WHAT YOU HAVE TO DO ->
Take the entries below and print only the lines from the one with "Definition is_ideal (R" through the one with "forall x, (forall t, I t x) -> x = 0", exactly as they stand, both ends included.
- - -
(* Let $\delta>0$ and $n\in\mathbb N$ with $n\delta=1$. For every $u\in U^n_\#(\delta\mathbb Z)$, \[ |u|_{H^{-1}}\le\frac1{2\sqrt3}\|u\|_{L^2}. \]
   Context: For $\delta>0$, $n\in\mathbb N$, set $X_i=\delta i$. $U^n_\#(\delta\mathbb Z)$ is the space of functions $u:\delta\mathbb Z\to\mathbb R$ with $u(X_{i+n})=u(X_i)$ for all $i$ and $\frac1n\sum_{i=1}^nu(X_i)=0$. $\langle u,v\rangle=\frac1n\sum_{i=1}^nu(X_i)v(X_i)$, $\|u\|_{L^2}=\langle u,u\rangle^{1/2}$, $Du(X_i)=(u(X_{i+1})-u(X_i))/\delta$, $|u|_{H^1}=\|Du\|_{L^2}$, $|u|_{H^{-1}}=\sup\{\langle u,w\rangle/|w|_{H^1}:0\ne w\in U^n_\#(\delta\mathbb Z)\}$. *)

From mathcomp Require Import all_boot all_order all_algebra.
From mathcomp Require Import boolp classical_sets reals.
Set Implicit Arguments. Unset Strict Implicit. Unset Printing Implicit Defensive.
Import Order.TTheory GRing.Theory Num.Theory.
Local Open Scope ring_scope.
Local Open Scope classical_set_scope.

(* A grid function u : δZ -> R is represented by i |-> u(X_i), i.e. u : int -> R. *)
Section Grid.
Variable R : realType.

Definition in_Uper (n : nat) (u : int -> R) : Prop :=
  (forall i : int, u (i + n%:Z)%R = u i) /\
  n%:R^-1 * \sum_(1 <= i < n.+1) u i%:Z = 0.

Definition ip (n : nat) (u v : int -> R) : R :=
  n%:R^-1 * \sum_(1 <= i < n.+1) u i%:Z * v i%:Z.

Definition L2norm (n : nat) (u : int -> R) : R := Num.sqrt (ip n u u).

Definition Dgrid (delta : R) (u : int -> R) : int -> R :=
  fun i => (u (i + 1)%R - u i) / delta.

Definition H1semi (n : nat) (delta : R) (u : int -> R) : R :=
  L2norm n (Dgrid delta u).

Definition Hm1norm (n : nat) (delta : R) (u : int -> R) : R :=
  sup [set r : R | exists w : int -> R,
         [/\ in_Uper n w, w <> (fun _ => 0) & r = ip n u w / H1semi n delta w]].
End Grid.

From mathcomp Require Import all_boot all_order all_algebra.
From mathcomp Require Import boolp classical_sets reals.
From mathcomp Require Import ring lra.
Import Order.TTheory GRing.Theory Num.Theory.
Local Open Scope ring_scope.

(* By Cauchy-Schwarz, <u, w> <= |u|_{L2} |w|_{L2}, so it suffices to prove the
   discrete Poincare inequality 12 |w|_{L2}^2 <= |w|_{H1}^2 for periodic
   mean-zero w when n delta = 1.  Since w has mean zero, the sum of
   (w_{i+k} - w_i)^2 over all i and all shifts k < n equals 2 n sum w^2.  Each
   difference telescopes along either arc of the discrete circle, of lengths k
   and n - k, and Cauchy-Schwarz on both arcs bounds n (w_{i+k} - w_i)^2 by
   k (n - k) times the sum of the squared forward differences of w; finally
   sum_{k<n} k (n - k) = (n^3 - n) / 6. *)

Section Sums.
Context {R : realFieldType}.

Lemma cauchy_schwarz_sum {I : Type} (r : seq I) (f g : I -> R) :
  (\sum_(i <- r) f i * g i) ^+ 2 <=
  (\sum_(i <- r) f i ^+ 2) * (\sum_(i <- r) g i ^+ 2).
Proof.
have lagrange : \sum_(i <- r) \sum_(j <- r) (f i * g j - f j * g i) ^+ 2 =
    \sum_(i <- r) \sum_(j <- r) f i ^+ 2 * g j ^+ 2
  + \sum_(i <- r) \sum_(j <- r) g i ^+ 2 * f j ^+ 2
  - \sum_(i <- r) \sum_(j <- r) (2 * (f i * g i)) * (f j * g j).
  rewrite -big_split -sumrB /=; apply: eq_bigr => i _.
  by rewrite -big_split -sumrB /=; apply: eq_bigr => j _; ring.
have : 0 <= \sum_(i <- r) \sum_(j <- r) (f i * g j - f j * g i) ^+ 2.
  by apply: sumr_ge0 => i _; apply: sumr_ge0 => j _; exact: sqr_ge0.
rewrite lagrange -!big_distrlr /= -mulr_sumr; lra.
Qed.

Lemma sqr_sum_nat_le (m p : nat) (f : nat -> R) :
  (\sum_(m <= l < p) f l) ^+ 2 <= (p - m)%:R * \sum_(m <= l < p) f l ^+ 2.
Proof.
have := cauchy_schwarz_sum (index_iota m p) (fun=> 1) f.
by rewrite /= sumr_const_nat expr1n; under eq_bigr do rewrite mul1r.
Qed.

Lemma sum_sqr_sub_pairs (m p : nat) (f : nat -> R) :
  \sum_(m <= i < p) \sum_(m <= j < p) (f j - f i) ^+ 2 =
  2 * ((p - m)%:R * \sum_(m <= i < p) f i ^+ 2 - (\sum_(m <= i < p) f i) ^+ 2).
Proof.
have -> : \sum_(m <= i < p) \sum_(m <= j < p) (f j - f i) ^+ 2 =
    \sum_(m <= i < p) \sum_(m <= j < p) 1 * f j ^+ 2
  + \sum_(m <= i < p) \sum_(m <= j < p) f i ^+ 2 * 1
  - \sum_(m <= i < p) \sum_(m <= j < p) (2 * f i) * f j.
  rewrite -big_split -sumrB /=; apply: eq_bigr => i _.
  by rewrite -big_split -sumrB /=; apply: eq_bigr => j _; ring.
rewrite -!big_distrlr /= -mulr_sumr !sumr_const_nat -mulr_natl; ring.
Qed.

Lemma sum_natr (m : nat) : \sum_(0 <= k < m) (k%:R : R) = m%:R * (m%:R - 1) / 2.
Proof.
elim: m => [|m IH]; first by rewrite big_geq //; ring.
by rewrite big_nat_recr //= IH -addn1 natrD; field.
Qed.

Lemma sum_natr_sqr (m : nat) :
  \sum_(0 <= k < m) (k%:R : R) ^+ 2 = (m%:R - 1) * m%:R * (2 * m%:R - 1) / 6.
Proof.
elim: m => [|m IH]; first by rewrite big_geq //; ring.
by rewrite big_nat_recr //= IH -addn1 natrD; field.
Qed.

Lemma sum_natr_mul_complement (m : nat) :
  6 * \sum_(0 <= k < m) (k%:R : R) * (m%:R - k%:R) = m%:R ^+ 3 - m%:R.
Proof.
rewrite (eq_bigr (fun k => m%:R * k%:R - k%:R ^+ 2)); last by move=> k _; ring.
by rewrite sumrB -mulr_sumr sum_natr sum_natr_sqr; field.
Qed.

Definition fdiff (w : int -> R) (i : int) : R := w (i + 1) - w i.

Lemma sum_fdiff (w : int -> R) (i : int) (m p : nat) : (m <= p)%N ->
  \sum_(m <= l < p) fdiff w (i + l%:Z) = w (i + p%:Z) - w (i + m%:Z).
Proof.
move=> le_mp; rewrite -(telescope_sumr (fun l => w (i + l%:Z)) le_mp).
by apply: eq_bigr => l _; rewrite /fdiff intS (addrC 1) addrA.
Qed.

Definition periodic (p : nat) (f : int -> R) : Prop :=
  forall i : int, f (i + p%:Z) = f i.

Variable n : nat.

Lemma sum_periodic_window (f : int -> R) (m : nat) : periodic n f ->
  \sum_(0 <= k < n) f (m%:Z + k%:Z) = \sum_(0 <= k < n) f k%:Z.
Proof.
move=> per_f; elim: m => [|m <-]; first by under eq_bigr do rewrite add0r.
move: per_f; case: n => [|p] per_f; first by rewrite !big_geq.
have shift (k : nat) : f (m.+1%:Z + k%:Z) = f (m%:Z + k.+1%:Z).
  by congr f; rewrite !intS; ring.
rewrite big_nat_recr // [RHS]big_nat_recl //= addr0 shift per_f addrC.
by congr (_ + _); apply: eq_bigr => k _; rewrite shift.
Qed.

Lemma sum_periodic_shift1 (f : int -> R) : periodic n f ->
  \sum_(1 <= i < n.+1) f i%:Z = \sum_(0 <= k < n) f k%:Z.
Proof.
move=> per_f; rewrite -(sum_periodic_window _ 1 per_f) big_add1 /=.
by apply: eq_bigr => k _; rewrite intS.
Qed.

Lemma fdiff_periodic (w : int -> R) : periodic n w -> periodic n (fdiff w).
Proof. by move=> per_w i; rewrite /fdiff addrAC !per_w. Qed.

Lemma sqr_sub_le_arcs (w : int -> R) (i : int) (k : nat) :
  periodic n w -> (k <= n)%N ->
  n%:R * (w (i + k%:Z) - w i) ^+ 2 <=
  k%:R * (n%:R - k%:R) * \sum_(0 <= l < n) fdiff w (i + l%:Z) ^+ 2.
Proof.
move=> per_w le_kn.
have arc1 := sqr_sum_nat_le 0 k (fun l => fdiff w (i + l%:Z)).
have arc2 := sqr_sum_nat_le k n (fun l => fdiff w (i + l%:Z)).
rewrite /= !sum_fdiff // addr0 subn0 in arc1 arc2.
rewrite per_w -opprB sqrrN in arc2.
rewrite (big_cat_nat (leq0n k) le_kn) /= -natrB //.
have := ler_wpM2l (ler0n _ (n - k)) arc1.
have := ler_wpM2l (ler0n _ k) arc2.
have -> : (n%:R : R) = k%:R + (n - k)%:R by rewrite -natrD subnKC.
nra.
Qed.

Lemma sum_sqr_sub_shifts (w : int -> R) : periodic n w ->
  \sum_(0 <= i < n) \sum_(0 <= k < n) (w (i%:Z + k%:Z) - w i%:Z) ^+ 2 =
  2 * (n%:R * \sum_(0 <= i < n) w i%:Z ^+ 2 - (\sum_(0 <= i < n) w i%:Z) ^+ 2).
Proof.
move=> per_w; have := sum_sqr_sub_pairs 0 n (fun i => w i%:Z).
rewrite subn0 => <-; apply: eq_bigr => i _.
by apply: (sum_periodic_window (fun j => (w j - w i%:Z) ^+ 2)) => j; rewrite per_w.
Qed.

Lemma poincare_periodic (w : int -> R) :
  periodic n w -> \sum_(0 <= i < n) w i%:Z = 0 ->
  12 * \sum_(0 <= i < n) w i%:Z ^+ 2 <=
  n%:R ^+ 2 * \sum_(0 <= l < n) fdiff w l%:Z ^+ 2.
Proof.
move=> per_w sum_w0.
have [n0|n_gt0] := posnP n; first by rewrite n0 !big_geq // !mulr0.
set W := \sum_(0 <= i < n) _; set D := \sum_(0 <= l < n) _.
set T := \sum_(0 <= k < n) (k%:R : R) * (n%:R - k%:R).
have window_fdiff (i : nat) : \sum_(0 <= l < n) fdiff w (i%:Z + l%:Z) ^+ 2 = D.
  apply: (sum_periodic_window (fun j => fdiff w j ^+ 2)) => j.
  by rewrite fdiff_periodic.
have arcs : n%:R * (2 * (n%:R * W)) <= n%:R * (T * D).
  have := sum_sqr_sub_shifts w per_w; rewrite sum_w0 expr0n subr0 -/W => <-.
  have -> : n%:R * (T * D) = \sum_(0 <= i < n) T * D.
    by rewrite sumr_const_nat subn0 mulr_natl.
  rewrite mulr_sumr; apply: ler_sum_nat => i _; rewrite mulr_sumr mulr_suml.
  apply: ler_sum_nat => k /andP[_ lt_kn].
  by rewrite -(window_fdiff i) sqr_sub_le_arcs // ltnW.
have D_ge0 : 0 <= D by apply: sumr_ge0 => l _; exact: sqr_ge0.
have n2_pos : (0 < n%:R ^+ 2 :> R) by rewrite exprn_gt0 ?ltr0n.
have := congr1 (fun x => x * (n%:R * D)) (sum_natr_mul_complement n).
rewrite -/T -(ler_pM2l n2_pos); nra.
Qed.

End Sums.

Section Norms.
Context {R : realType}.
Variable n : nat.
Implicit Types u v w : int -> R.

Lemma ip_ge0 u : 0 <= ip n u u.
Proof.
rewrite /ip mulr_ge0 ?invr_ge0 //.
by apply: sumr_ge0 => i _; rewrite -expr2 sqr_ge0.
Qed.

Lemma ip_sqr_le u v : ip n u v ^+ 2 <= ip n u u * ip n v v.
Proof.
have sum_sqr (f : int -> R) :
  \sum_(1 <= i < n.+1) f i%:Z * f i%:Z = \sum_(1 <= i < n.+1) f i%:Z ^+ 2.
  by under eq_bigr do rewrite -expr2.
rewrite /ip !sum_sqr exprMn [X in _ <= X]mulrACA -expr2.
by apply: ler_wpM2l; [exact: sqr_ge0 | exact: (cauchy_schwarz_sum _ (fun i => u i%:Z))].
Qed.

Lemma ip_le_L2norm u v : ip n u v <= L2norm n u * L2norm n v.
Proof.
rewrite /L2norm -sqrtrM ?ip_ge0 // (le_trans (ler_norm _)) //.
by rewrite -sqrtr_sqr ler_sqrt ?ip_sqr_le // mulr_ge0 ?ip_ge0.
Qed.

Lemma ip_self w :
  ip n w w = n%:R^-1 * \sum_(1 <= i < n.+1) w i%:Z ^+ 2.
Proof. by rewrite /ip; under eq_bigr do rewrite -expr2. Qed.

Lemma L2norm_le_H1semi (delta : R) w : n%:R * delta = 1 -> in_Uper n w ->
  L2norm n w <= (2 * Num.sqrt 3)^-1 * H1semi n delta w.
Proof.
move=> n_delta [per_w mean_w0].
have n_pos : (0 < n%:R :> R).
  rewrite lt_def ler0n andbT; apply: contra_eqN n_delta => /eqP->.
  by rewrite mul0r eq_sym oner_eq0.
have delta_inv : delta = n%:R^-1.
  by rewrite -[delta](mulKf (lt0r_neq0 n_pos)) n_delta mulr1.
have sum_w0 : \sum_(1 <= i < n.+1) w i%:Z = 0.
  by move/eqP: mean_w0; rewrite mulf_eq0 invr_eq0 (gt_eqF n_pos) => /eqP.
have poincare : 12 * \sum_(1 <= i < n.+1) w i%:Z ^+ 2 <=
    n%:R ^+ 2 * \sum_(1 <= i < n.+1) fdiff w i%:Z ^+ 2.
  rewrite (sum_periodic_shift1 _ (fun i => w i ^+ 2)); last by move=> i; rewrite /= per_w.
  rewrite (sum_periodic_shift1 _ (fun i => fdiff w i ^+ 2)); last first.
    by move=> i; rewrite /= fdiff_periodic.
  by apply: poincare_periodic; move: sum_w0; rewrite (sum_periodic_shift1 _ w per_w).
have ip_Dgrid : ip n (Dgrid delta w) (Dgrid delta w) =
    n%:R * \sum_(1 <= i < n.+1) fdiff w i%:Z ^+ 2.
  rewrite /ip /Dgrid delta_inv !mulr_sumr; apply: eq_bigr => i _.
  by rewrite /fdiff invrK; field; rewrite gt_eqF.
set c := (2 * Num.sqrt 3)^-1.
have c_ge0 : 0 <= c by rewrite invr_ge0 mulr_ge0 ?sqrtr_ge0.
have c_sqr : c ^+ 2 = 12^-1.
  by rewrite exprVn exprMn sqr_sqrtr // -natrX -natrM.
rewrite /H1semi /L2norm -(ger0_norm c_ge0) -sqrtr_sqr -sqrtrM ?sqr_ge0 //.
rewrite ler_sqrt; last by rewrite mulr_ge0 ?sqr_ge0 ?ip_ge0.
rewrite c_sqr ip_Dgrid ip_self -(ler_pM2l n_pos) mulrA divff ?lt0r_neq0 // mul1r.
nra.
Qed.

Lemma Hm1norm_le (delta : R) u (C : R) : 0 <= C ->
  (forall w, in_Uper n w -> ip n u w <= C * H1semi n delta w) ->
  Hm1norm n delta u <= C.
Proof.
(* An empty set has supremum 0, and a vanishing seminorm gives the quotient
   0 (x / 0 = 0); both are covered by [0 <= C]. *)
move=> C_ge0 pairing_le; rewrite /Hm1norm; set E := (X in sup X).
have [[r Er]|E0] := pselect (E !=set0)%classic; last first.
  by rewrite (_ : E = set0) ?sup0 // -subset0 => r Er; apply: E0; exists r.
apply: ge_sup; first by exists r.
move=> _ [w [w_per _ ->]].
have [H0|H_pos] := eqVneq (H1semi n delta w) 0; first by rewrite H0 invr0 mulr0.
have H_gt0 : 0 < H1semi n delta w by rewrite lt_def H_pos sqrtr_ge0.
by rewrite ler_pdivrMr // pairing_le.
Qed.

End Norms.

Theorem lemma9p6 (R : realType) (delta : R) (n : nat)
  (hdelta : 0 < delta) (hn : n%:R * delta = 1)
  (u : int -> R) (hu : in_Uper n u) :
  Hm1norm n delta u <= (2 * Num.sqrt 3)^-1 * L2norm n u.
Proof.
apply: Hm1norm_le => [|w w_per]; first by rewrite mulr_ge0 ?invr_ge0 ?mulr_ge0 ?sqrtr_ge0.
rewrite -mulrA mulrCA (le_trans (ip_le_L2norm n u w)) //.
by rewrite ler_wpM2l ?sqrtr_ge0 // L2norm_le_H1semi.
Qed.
- - -
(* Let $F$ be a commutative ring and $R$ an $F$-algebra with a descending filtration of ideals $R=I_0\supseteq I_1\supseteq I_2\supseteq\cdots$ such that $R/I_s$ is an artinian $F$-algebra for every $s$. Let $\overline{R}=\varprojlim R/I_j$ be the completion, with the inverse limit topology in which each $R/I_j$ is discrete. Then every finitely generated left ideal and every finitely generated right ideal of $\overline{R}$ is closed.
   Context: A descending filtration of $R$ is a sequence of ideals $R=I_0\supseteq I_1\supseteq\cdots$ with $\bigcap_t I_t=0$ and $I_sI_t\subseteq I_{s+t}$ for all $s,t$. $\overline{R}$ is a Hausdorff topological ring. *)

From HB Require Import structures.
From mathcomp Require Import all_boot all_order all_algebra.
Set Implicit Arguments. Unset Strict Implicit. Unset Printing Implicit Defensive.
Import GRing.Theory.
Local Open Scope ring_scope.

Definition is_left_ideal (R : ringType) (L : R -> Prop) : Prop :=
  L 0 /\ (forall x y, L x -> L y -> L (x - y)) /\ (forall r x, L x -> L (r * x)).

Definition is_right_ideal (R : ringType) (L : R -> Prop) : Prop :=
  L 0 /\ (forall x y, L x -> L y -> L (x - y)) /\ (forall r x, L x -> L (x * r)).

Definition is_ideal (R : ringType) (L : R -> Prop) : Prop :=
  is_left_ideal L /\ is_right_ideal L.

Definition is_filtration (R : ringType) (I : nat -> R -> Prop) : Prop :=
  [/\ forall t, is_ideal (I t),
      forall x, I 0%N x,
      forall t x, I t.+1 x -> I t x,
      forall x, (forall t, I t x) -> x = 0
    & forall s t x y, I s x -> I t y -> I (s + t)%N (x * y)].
- - -
TASK ANSWER ->
Definition is_ideal (R : ringType) (L : R -> Prop) : Prop :=
  is_left_ideal L /\ is_right_ideal L.

Definition is_filtration (R : ringType) (I : nat -> R -> Prop) : Prop :=
  [/\ forall t, is_ideal (I t),
      forall x, I 0%N x,
      forall t x, I t.+1 x -> I t x,
      forall x, (forall t, I t x) -> x = 0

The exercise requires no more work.